To verify if the Model Runner is running, execute:

docker model status

If it’s active, you should see:

docker model status

Managing AI Models with Docker Model CLI

Listing Available Models

docker model ls

Initially, this will return an empty list. Let’s download a model to see how it works.

Downloading an AI Model

Docker hosts several AI models on Docker Hub under the ai/ namespace. To download a model, use the following command:

docker model pull ai/llama3.2:1B-Q8_0

Available models include:

  • ai/gemma3
  • ai/llama3.2
  • ai/mistral
  • ai/phi4
  • ai/qwen2.5

More models will be added in the future.

Listing Downloaded Models

docker model ls

Listing Downloaded Models

Running a Model

To run a model and send a message:

docker model run ai/llama3.2:1B-Q8_0 "Hi"

Example output

run a model and send a message

To start an interactive chat session:

docker model run ai/llama3.2:1B-Q8_0

Type /bye to exit.

Removing a Model

docker model rm ai/llama3.2:1B-Q8_0

Connection Methods

Docker Model Runner offers three primary ways to interact with AI models:

  1. From within containers
    • Access via internal DNS: http://model-runner.docker.internal/
  2. From the host via Docker Socket
    • Example request:
      curl --unix-socket /var/run/docker.sock \
        localhost/exp/vDD4.40/engines/llama.cpp/v1/chat/completions \
        -H "Content-Type: application/json" \
        -d '{"model":"ai/llama3.2:1B-Q8_0"}'
  3. From the host via TCP
    • If TCP support is enabled, connect via the port 12434.
    • Alternatively, use a reverse proxy:
      docker run -d --name model-runner-proxy -p 8080:80 \
        alpine/socat tcp-listen:80,fork,reuseaddr tcp:model-runner.docker.internal:80

OpenAI API Compatibility

The Model Runner implements OpenAI-compatible endpoints:

  • GET /engines/{backend}/v1/models
  • GET /engines/{backend}/v1/models/{namespace}/{name}
  • POST /engines/{backend}/v1/chat/completions
  • POST /engines/{backend}/v1/completions
  • POST /engines/{backend}/v1/embeddings

Models are automatically loaded when specified in requests.

Checking Model Runner Logs

While docker model logs is not yet available, you can monitor logs manually:

tail -f ~/Library/Containers/com.docker.docker/Data/log/host/inference-llama.cpp.log

This helps in debugging and monitoring model performance.

Model Runner Logs

Building a GenAI Application with Docker Model Runner

Step 1. Download the model

docker model pull ai/llama3.2:1B-Q8_0B

If you did not download the model from the previous step, do so now:

Step 2. Clone the Sample Repository

git clone https://github.com/dockersamples/genai-app-demo
cd genai-app-demo
  • This project uses a Go backend that connects to a model runner API at http://model-runner.docker.internal/engines/llama.cpp/v1/
  • The backend uses the OpenAI Go client to make requests to this endpoint
  • The frontend is a React application that talks to the backend

Step 3. Set Environment Variables

BASE_URL=http://model-runner.docker.internal/engines/llama.cpp/v1/
MODEL=ai/llama3.2:1B-Q8_0
API_KEY=${API_KEY:-ollama}

Step 4. Start the Application

docker compose up -d

This command combines both files to create a complete deployment with all necessary components:

  • The frontend React app
  • The backend Go server

Step 5. Access the application

Access the frontend at http://localhost:3000.

Did you experience the speed with which you’re getting the response?

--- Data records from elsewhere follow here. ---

(* Holds even when the expansion terminates, since then [/ 0 = 0]. *)
Lemma cf_a_nonneg (k : nat) : (0 <= cf_a al (S k))%Z.
Proof.
  rewrite cf_a_S; destruct (base_Int_part (/ cf_x al k)) as [_ Hhi].
  assert (Hinv : 0 <= / cf_x al k).
  { destruct (cf_x_range k) as [[Hpos | Hzero] _].
    - left; apply Rinv_0_lt_compat, Hpos.
    - rewrite <- Hzero, Rinv_0; lra. }
  enough (Hint : -1 < IZR (Int_part (/ cf_x al k))) by (apply lt_IZR in Hint; lia).
  lra.
Qed.

Lemma cf_a_ge1 (k : nat) : 0 < cf_x al k -> (1 <= cf_a al (S k))%Z.
Proof.
  intros Hx; rewrite cf_a_S; destruct (base_Int_part (/ cf_x al k)) as [_ Hhi].
  assert (Hinv : 1 < / cf_x al k).
  { rewrite <- Rinv_1; apply Rinv_lt_contravar; destruct (cf_x_range k); nra. }
  enough (Hint : 0 < IZR (Int_part (/ cf_x al k))) by (apply lt_IZR in Hint; lia).
  lra.
Qed.

Lemma cf_p_SS (k : nat) :
  cf_p al (S (S k)) = (cf_a al (S (S k)) * cf_p al (S k) + cf_p al k)%Z.
Proof. unfold cf_p; simpl; now destruct (cf_pq al k) as [[] []]. Qed.

Lemma cf_q_SS (k : nat) :
  cf_q al (S (S k)) = (cf_a al (S (S k)) * cf_q al (S k) + cf_q al k)%Z.
Proof. unfold cf_q; simpl; now destruct (cf_pq al k) as [[] []]. Qed.

Lemma cf_q_pos (k : nat) : (1 <= cf_q al k)%Z.
Proof.
  enough (H : (1 <= cf_q al k)%Z /\ (1 <= cf_q al (S k))%Z) by apply H.
  induction k as [| k IH].
  - change ((1 <= 1)%Z /\ (1 <= cf_a al 1 * 1 + 0)%Z).
    pose proof (cf_a_ge1 0 (proj1 Hal)); lia.
  - split; [apply IH |]; rewrite cf_q_SS.
    pose proof (cf_a_nonneg (S k)); nia.
Qed.

Lemma cf_q_ge_index (k : nat) :
  (forall j, 0 < cf_x al j) -> (Z.of_nat k <= cf_q al k)%Z.
Proof.
  intros Hx.
  enough (H : (Z.of_nat k <= cf_q al k)%Z /\ (Z.of_nat (S k) <= cf_q al (S k))%Z)
    by apply H.
  induction k as [| k IH].
  - pose proof (cf_q_pos 0); pose proof (cf_q_pos 1); lia.
  - split; [apply IH |]; rewrite cf_q_SS.
    pose proof (cf_a_ge1 (S k) (Hx (S k))); pose proof (cf_q_pos k).
    assert (cf_q al (S k) <= cf_a al (S (S k)) * cf_q al (S k))%Z by nia; lia.
Qed.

It’s quite fast, isn’t it?

Step 6. Using Activity Monitor

On your Mac, press Command + Spacebar to open Activity Monitor and select the GPU history to view it in real time.

You’ll find a GPU process triggered whenever you add a new prompt in the chat window.

Build Your GenAI application using Docker Model Runner (using TCP Host support)

Let’s try to enable the host-side TCP support and see how it works.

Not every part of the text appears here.